Jusqu'ici Raoul n'avait ressenti qu'une peur plutôt morale, le danger ne menaçant que lui et la Cagliostro ; pour lui, il se confiait à son adresse et à sa bonne étoile ; pour la Cagliostro, il la savait de taille à se défendre contre Beaumagnan.

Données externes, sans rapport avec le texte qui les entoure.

Definition strictly_convex_on_psd (f : M -> R) : Prop :=
  forall A B : M, psd A -> psd B -> A <> B ->
  forall t : R, 0 < t < 1 ->
    f (t *: A + (1 - t) *: B) < t * f A + (1 - t) * f B.

Definition grad (f : M -> R) (A : M) : M :=
  \matrix_(i, j) ('D_(delta_mx i j) f A).

Definition Kxi (xi : M -> R) : set M :=
  [set grad xi A | A in [set A | psd A /\ frob A <= 1]].
Definition x0 (xi : M -> R) : M := grad xi 0.

(** L_{<=1}(K_xi): max(|chi(x0)|, Lip_K(chi)) <= 1, Lipschitz wrt Frobenius
    norm on K_xi (values of chi outside K_xi are irrelevant). *)
Definition lip1 (xi : M -> R) (chi : M -> R) : Prop :=
  `|chi (x0 xi)| <= 1 /\
  forall x y, Kxi xi x -> Kxi xi y -> `|chi x - chi y| <= frob (x - y).

Definition MT : measurableType _ := @g_sigma_algebraType ('M[R]_(D, D) : pointedType) open.

Definition intK (xi : M -> R) (mu : {measure set MT -> \bar R}) (chi : M -> R) : R :=
  fine (\int[mu]_(x in (Kxi xi : set MT)) (chi x)%:E).

(** P^up_xi: laws of grad xi (q(U)), U uniform on [0,1), q right-continuous,
    nondecreasing (Loewner), with values in S^D_+ and |q| <= 1. *)
Definition inPup (xi : M -> R) (nu : probability MT R) : Prop :=
  exists q : R -> M,
    (forall u, 0 <= u < 1 -> psd (q u) /\ frob (q u) <= 1) /\
    (forall u v, 0 <= u -> u <= v -> v < 1 -> loewner_le (q u) (q v)) /\
    (forall u, 0 <= u < 1 -> q x @[x --> u^'+] --> q u) /\
    (forall A : set MT, measurable A ->
       nu A = (@lebesgue_measure R)
                ([set u | 0 <= u < 1] `&` (fun u => grad xi (q u)) @^-1` A)).

Definition dist (xi : M -> R) (nu nu' : probability MT R) : \bar R :=
  ereal_sup [set (intK xi nu chi - intK xi nu' chi)%:E | chi in lip1 xi].

(** Borel sigma-algebra of (P^up_xi, d): generated (on the ambient type of
    probability measures) by the sets whose trace on P^up_xi is d-open in
    P^up_xi.  A probability on it charging P^up_xi with mass 1 is the same as a
    Borel probability on (P^up_xi, d). *)
Definition dopen (xi : M -> R) : set (set (probability MT R)) :=
  [set U : set (probability MT R) | forall nu, U nu -> inPup xi nu ->
     exists2 r : R, 0 < r & forall nu', inPup xi nu' -> (dist xi nu nu' < r%:E)%E -> U nu'].
Definition PT (xi : M -> R) := @g_sigma_algebraType (probability MT R) (dopen xi).

Definition Pup (xi : M -> R) : set (PT xi) := [set nu | inPup xi nu].

Definition borel_prob_Pup (xi : M -> R) (eta : probability (PT xi) R) : Prop :=
  eta (Pup xi) = 1%E.

Definition is_Bar (xi : M -> R) (eta : probability (PT xi) R) (beta : probability MT R) : Prop :=
  forall A : set MT, measurable A ->
    beta A = (\int[eta]_(nu in Pup xi) ((nu : probability MT R) A))%E.

(** M_1(K_xi): completion of the signed Borel measures on K_xi for |.|_M,
    realised as the closure of the signed measures nu = mu1 - mu2
    (mu1, mu2 finite positive measures, restricted to K_xi) in the dual
    norm sup_{chi in L_{<=1}}; an element is given by its action
    chi |-> int chi d mu on L_{<=1}. *)
Definition inM1 (xi : M -> R) (m : (M -> R) -> R) : Prop :=
  forall e : R, 0 < e ->
    exists mu1 mu2 : {finite_measure set MT -> \bar R},
      forall chi, lip1 xi chi ->
        `|m chi - (intK xi mu1 chi - intK xi mu2 chi)| <= e.

Definition dM (xi : M -> R) (beta : probability MT R) (m : (M -> R) -> R) : \bar R :=
  ereal_sup [set (intK xi beta chi - m chi)%:E | chi in lip1 xi].

Definition barphi (xi : M -> R) (phi : probability MT R -> R) (m : (M -> R) -> R) : \bar R :=
  ereal_sup [set r : \bar R | exists (eta : probability (PT xi) R)
      (beta : probability MT R),
      [/\ borel_prob_Pup xi eta, is_Bar xi eta beta &
       r = (\int[eta]_(nu in Pup xi) (phi nu)%:E - dM xi beta m)%E]].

Mais Clarisse ! En présence de Joséphine Balsamo, Clarisse était comme une proie livrée aux ruses et à la cruauté de l'ennemi. Et, dès lors, la peur de Raoul se compliqua d'une sorte d'horreur physique qui, réellement, dressait ses cheveux sur sa tête et lui donnait ce que l'on appelle vulgairement la chair de poule. La face implacable de Léonard ajoutait à cette épouvante. Il se souvenait de la veuve Rousselin et de ses doigts tuméfiés.

En vérité, il avait vu juste lorsque, une heure plus tôt, venant au rendez-vous, il devinait que la grande bataille se préparait et qu'elle le mettrait aux prises avec Joséphine Balsamo. Jusqu'ici, simples escarmouches, engagements d'avant-garde. Maintenant, c'était la lutte à mort entre toutes les forces qui s'étaient affrontées, et Raoul s'y présentait, lui, les mains liées, la corde au cou, et avec ce surcroît d'affaiblissement que lui causait l'arrivée de Clarisse d'Étigues.

« Allons, se dit-il, j'ai encore beaucoup à apprendre. Cette situation affreuse, j'en suis à peu près responsable, et ma chère Clarisse une fois de plus est ma victime. »

La jeune fille demeurait interdite sous la menace du revolver que Léonard tenait braqué. Elle était venue allégrement, comme on vient, un jour de vacances, à la rencontre de quelqu'un que l'on a plaisir à retrouver, et elle tombait au milieu de cette scène de violence et de crime,  tandis que celui qu'elle aimait demeurait en face d'elle, immobile et captif.

Elle balbutia :

– Qu'y a-t-il, Raoul ? Pourquoi êtes-vous attaché ?

Elle tendait ses mains vers lui, autant pour implorer son aide que pour lui offrir la sienne. Mais que pouvaient-ils l'un et l'autre !

Il remarqua ses traits tirés et l'extrême lassitude de tout son être, et il dut se retenir de pleurer en pensant à la douloureuse confession qu'elle avait faite à son père et aux conséquences de la faute commise. Malgré tout, il lui dit, avec une assurance imperturbable :

– Je n'ai rien à craindre, Clarisse, et vous non plus, absolument rien. Je réponds de tout.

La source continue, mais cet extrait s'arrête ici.